Once the line with "Definition filtr (T" is found in the data, output it and each following line exactly, up to and including the line with "k.+1 om = v])].", and nothing before or after.

════

(* Let $\boldsymbol{\mathcal{G}}=(\mathcal{V},\boldsymbol{\mathcal{E}},\mu(\cdot))$ be a stochastic digraph with vertex set $\mathbb{Z}_n=\{1,\dots,n\}$, edge sets $\mathcal{E}_1,\dots,\mathcal{E}_h$, and out-neighborhood map $H(x,w)=\{y\in\mathbb{Z}_n:(x,y)\in\mathcal{E}_w\}$, and assume that there is no pair $(i,w)\in\mathbb{Z}_n\times\mathbb{Z}_h$ with $\mu(\{w\})>0$ and $H(i,w)=\emptyset$. Let $\boldsymbol{x}$ be a stochastic directed path of $\boldsymbol{\mathcal{G}}$, i.e., $\boldsymbol{x}\in\mathcal{S}(x)$ for some $x\in\mathbb{Z}_n$. For $i,j\in\mathbb{Z}_n$ define $$\ell_{i,j}:=\sum_{s\in\{w\in\mathbb{Z}_h:\,H(i,w)=\{j\}\}}\mu(\{s\})\in[0,1],\qquad m_{i,j}:=\sum_{s\in\{w\in\mathbb{Z}_h:\,H(i,w)\cap\{j\}\neq\emptyset\}}\mu(\{s\})\in[0,1].$$ Then, for each $i,j\in\mathbb{Z}_n$ (and each time $k$), $$\ell_{i,j}\leqslant \mathbb{P}(\boldsymbol{x}_{k+1}=j\mid \boldsymbol{x}_k=i)\leqslant m_{i,j},$$ i.e., $\ell_{i,j}$ and $m_{i,j}$ are a lower and an upper bound, respectively, on the transition probability from node $i$ to node $j$.
   Context: A stochastic digraph is a triple $\boldsymbol{\mathcal{G}}=(\mathcal{V},\boldsymbol{\mathcal{E}},\mu(\cdot))$ where $\mathcal{V}=\mathbb{Z}_n$, $\boldsymbol{\mathcal{E}}=\{\mathcal{E}_s\}_{s=1}^h$ ($h<\infty$) with each $\mathcal{E}_s\subset\mathbb{Z}_n\times\mathbb{Z}_n$, and $\mu$ is the common distribution of an i.i.d. sequence of random variables $\boldsymbol{w}_k:\Omega\to\mathbb{Z}_h=\{1,\dots,h\}$, $k\in\mathbb{Z}_{\geqslant0}$, on a probability space $(\Omega,\mathcal{F},\mathbb{P})$: $\mu(F)=\mathbb{P}(\boldsymbol{w}_k\in F)$ for $F\subset\mathbb{Z}_h$. A sequence $\{(\phi_k,w_k)\}_{k=0}^K$ is a regular directed path starting at $x$ if $\phi_0=x$ and $\phi_{k+1}\in H(\phi_k,w_k)$ for $k=0,\dots,K-1$. A stochastic directed path from $x$ is a map $\omega\mapsto\{\boldsymbol{x}_k(\omega)\}_{k=0}^{\boldsymbol{K}(\omega)}$, with $\boldsymbol{K}:\Omega\to\mathbb{Z}_{\geqslant0}\cup\{\infty\}$ a random variable, such that (path-wise feasibility) for each $\omega$, $\{(\boldsymbol{x}_k(\omega),\boldsymbol{w}_k(\omega))\}_{k=0}^{\boldsymbol{K}(\omega)}$ is a regular directed path from $x$, and (causal measurability) for each $k$, $\omega\mapsto\boldsymbol{x}_{k+1}(\omega)$ is $\mathcal{F}_k$-measurable, where $(\mathcal{F}_k)_k$ is the minimal filtration generated by $\boldsymbol{w}$ (i.e., $\mathcal{F}_k=\sigma(\boldsymbol{w}_0,\dots,\boldsymbol{w}_k)$). A stochastic directed path is maximal if it cannot be extended; $\mathcal{S}(x)$ denotes the set of maximal stochastic directed paths from $x$. *)

From HB Require Import structures.
From mathcomp Require Import all_boot all_order all_algebra.
From mathcomp Require Import all_classical all_reals all_analysis.
Set Implicit Arguments. Unset Strict Implicit. Unset Printing Implicit Defensive.
Import Order.TTheory GRing.Theory Num.Theory.
Local Open Scope classical_set_scope.
Local Open Scope ring_scope.

(* Out-neighborhood map H(x,w) = {y | (x,y) \in E_w}.  Vertices 'I_n, labels 'I_h
   (0-indexed versions of Z_n, Z_h). *)
Definition Hnb (n h : nat) (E : 'I_h -> {set 'I_n * 'I_n}) (x : 'I_n) (s : 'I_h)
  : {set 'I_n} := [set y | (x, y) \in E s].

Definition gen_sets (T : Type) (h : nat) (w : nat -> T -> 'I_h) (k : nat)
  : set (set T) :=
  [set A | exists i, (i <= k)%N /\ exists B : set 'I_h, A = w i @^-1` B].

Definition filtr (T : Type) (h : nat) (w : nat -> T -> 'I_h) (k : nat)
  : set (set T) := <<s gen_sets w k >>.

Definition mutually_independent (R : realType) (d : measure_display)
  (T : measurableType d) (P : probability T R) (h : nat) (w : nat -> T -> 'I_h) :=
  forall (s : seq nat) (B : nat -> set 'I_h), uniq s ->
    P (\big[setI/setT]_(i <- s) (w i @^-1` B i)) =
    (\prod_(i <- s) P (w i @^-1` B i))%E.

(* A stochastic directed path from x0, encoded as x : nat -> T -> option 'I_n,
   where x k om = Some (x_k(om)) if k <= K(om) and None otherwise.
   - x_0 = x0;  - the set of defined times is an initial segment {0..K(om)};
   - path-wise feasibility: x_{k+1} \in H(x_k, w_k);
   - causal measurability: om |-> x_{k+1}(om) (including whether it is defined,
     i.e. the event {K >= k+1}) is F_k-measurable. *)
Definition stoch_path (T : Type) (n h : nat) (E : 'I_h -> {set 'I_n * 'I_n})
  (w : nat -> T -> 'I_h) (x0 : 'I_n) (x : nat -> T -> option 'I_n) : Prop :=
  [/\ (forall om, x 0%N om = Some x0),
      (forall k om, x k.+1 om <> None -> x k om <> None),
      (forall k om a b, x k om = Some a -> x k.+1 om = Some b ->
         b \in Hnb E a (w k om))
    & (forall k (v : option 'I_n), filtr w k [set om | x k.+1 om = v])].

Definition maximal_stoch_path (T : Type) (n h : nat) (E : 'I_h -> {set 'I_n * 'I_n})
  (w : nat -> T -> 'I_h) (x0 : 'I_n) (x : nat -> T -> option 'I_n) : Prop :=
  stoch_path E w x0 x /\
  forall y, stoch_path E w x0 y ->
    (forall k om, x k om <> None -> y k om = x k om) -> y = x.

Definition Spaths (T : Type) (n h : nat) (E : 'I_h -> {set 'I_n * 'I_n})
  (w : nat -> T -> 'I_h) (x0 : 'I_n) : set (nat -> T -> option 'I_n) :=
  [set x | maximal_stoch_path E w x0 x].

Definition ell (R : realType) (n h : nat) (E : 'I_h -> {set 'I_n * 'I_n})
  (mu : 'I_h -> R) (i j : 'I_n) : R :=
  \sum_(s : 'I_h | Hnb E i s == [set j]%SET) mu s.

Definition emm (R : realType) (n h : nat) (E : 'I_h -> {set 'I_n * 'I_n})
  (mu : 'I_h -> R) (i j : 'I_n) : R :=
  \sum_(s : 'I_h | j \in Hnb E i s) mu s.

Definition cond_prob (R : realType) (d : measure_display) (T : measurableType d)
  (P : probability T R) (A B : set T) : R :=
  fine (P (A `&` B)) / fine (P B).

From HB Require Import structures.
From mathcomp Require Import all_boot all_order all_algebra.
From mathcomp Require Import all_classical all_reals all_analysis.
Import Order.TTheory GRing.Theory Num.Theory.
Set Implicit Arguments.
Unset Strict Implicit.
Unset Printing Implicit Defensive.
Local Open Scope classical_set_scope.
Local Open Scope ring_scope.

(* Since x_{k+1} is F_k-measurable, every event {x_k = v} is determined by the
   history (w_0, ..., w_{k-1}) and is therefore independent of w_k.  Given
   x_k = i, feasibility puts x_{k+1} in H(i, w_k), so
   {x_k = i, x_{k+1} = j} is contained in {x_k = i, j \in H(i, w_k)}; conversely
   maximality forces x_{k+1} = j on {x_k = i, H(i, w_k) = {j}}, since otherwise the
   path could be extended to j on that F_k-measurable event.  By independence the
   two bounding events have probabilities P(x_k = i) m_{ij} and P(x_k = i) l_{ij}. *)

Definition history (T : Type) (h : nat) (w : nat -> T -> 'I_h) (k : nat) (om : T)
  : {ffun 'I_k -> 'I_h} := [ffun i : 'I_k => w i om].

Section filtration.
Variables (T : Type) (h : nat) (w : nat -> T -> 'I_h).

Lemma filtr_preimage_history k (A : set T) :
  filtr w k A -> exists C : set {ffun 'I_k.+1 -> 'I_h}, A = history w k.+1 @^-1` C.
Proof.
move=> wkA.
suff [C _ <-] : preimage_set_system setT (history w k.+1) setT A.
  by exists C; rewrite setTI.
apply: (smallest_sub _ _ wkA); first exact: sigma_algebra_preimage.
move=> _ [i [ik [B ->]]].
exists [set f | B (f (Ordinal (ik : (i < k.+1)%N)))] => //.
by rewrite setTI; apply/seteqP; split=> om; rewrite /= ffunE.
Qed.

Lemma filtr_preimage k (B : set 'I_h) : filtr w k (w k @^-1` B).
Proof. by apply: sub_gen_smallest; exists k; split => //; exists B. Qed.

Lemma filtr_le k l (A : set T) : (k <= l)%N -> filtr w k A -> filtr w l A.
Proof.
move=> kl; apply: sub_smallest2r; first exact: smallest_sigma_algebra.
by move=> _ [i [ik [B ->]]]; exists i; split; [exact: leq_trans kl|exists B].
Qed.

Lemma filtr_const k (P : Prop) : filtr w k [set _ | P].
Proof.
have [p|np] := pselect P.
  rewrite (_ : [set _ | P] = setT); last by apply/seteqP; split.
  rewrite -(setD0 setT); apply: sigma_algebraCD; exact: sigma_algebra0.
rewrite (_ : [set _ | P] = set0); first exact: sigma_algebra0.
by apply/seteqP; split.
Qed.

End filtration.

Section filtration_pointed.
Variables (T : pointedType) (h : nat) (w : nat -> T -> 'I_h) (k : nat).

Lemma filtrI (A B : set T) : filtr w k A -> filtr w k B -> filtr w k (A `&` B).
Proof. exact: (@measurableI _ (g_sigma_algebraType (gen_sets w k))). Qed.

Lemma filtrU (A B : set T) : filtr w k A -> filtr w k B -> filtr w k (A `|` B).
Proof. exact: (@measurableU _ (g_sigma_algebraType (gen_sets w k))). Qed.

Lemma filtrC (A : set T) : filtr w k A -> filtr w k (~` A).
Proof. exact: (@measurableC _ (g_sigma_algebraType (gen_sets w k))). Qed.

End filtration_pointed.

Lemma filtr_measurable (d : measure_display) (T : measurableType d) (h : nat)
    (w : nat -> T -> 'I_h) (k : nat) (A : set T) :
  (forall k (B : set 'I_h), measurable (w k @^-1` B)) ->
  filtr w k A -> measurable A.
Proof.
move=> w_meas wkA; apply: (smallest_sub _ _ wkA); first exact: sigma_algebra_measurable.
by move=> _ [i [_ [B ->]]].
Qed.

Section independence.
Variables (R : realType) (d : measure_display) (T : measurableType d).
Variables (P : probability T R) (h : nat) (w : nat -> T -> 'I_h).
Hypothesis w_meas : forall k (B : set 'I_h), measurable (w k @^-1` B).
Hypothesis w_indep : mutually_independent P w.

Definition history_slot k (f : {ffun 'I_k -> 'I_h}) (B : set 'I_h) (i : nat) : set 'I_h :=
  if insub i is Some j then [set f j] else B.

Lemma history1_preimageE k (f : {ffun 'I_k -> 'I_h}) (B : set 'I_h) :
  history w k @^-1` [set f] `&` w k @^-1` B =
  \big[setI/setT]_(i <- iota 0 k.+1) (w i @^-1` history_slot f B i).
Proof.
rewrite -bigcap_seq; apply/seteqP; split=> om.
- move=> [fE wB] i; rewrite /mkset mem_iota add0n /history_slot -{}fE /=.
  rewrite ltnS leq_eqVlt => /orP[/eqP ->|ik]; last by rewrite insubT /= ffunE.
  by rewrite insubF ?ltnn.
- move=> wslot; split; last first.
    by have := wslot k; rewrite /mkset mem_iota ltnSn /history_slot insubF ?ltnn //; apply.
  apply/ffunP => j; rewrite ffunE.
  have := wslot j; rewrite /mkset mem_iota ltnS (ltnW (ltn_ord j)) /history_slot.
  by rewrite valK; apply.
Qed.

Lemma history1_indep k (f : {ffun 'I_k -> 'I_h}) (B : set 'I_h) :
  P (history w k @^-1` [set f] `&` w k @^-1` B) =
  (P (history w k @^-1` [set f]) * P (w k @^-1` B))%E.
Proof.
have splitE B' : P (history w k @^-1` [set f] `&` w k @^-1` B') =
    ((\prod_(0 <= i < k) P (w i @^-1` history_slot f setT i)) * P (w k @^-1` B'))%E.
  rewrite history1_preimageE w_indep ?iota_uniq // -/(index_iota 0 k.+1).
  rewrite big_nat_recr //= {2}/history_slot insubF ?ltnn //; congr (_ * _)%E.
  by apply: eq_big_nat => i /andP[_ ik]; rewrite /history_slot insubT.
have := splitE setT; rewrite preimage_setT setIT probability_setT mule1 => ->.
exact: splitE.
Qed.

Lemma history_indep k (C : set {ffun 'I_k -> 'I_h}) (B : set 'I_h) :
  P (history w k @^-1` C `&` w k @^-1` B) =
  (P (history w k @^-1` C) * P (w k @^-1` B))%E.
Proof.
have sumE B' : P (history w k @^-1` C `&` w k @^-1` B') =
    (\sum_(f \in C) P (history w k @^-1` [set f]) * P (w k @^-1` B'))%E.
  have -> : history w k @^-1` C `&` w k @^-1` B' =
      \bigcup_(f in C) (history w k @^-1` [set f] `&` w k @^-1` B').
    apply/seteqP; split=> om; first by move=> [/= Cf wB]; exists (history w k om).
    by move=> [f Cf [/= fE wB]]; split; rewrite //= fE.
  rewrite measure_fin_bigcup //.
  - by apply: eq_fsbigr => f _; exact: history1_indep.
  - exact: finite_finset.
  - by move=> f g _ _ [om [[/= <- _] [/= <- _]]].
  - move=> f _; rewrite history1_preimageE.
    by apply: bigsetI_measurable => i _; exact: w_meas.
rewrite sumE -[history w k @^-1` C]setIT -(preimage_setT (w k)) sumE.
rewrite preimage_setT probability_setT !fsbig_finite; try exact: finite_finset.
by rewrite -!ge0_sume_distrl ?mule1 // => f _; exact: measure_ge0.
Qed.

════

--- Problem solution ---
Definition filtr (T : Type) (h : nat) (w : nat -> T -> 'I_h) (k : nat)
  : set (set T) := <<s gen_sets w k >>.

Definition mutually_independent (R : realType) (d : measure_display)
  (T : measurableType d) (P : probability T R) (h : nat) (w : nat -> T -> 'I_h) :=
  forall (s : seq nat) (B : nat -> set 'I_h), uniq s ->
    P (\big[setI/setT]_(i <- s) (w i @^-1` B i)) =
    (\prod_(i <- s) P (w i @^-1` B i))%E.

(* A stochastic directed path from x0, encoded as x : nat -> T -> option 'I_n,
   where x k om = Some (x_k(om)) if k <= K(om) and None otherwise.
   - x_0 = x0;  - the set of defined times is an initial segment {0..K(om)};
   - path-wise feasibility: x_{k+1} \in H(x_k, w_k);
   - causal measurability: om |-> x_{k+1}(om) (including whether it is defined,
     i.e. the event {K >= k+1}) is F_k-measurable. *)
Definition stoch_path (T : Type) (n h : nat) (E : 'I_h -> {set 'I_n * 'I_n})
  (w : nat -> T -> 'I_h) (x0 : 'I_n) (x : nat -> T -> option 'I_n) : Prop :=
  [/\ (forall om, x 0%N om = Some x0),
      (forall k om, x k.+1 om <> None -> x k om <> None),
      (forall k om a b, x k om = Some a -> x k.+1 om = Some b ->
         b \in Hnb E a (w k om))
    & (forall k (v : option 'I_n), filtr w k [set om | x k.+1 om = v])].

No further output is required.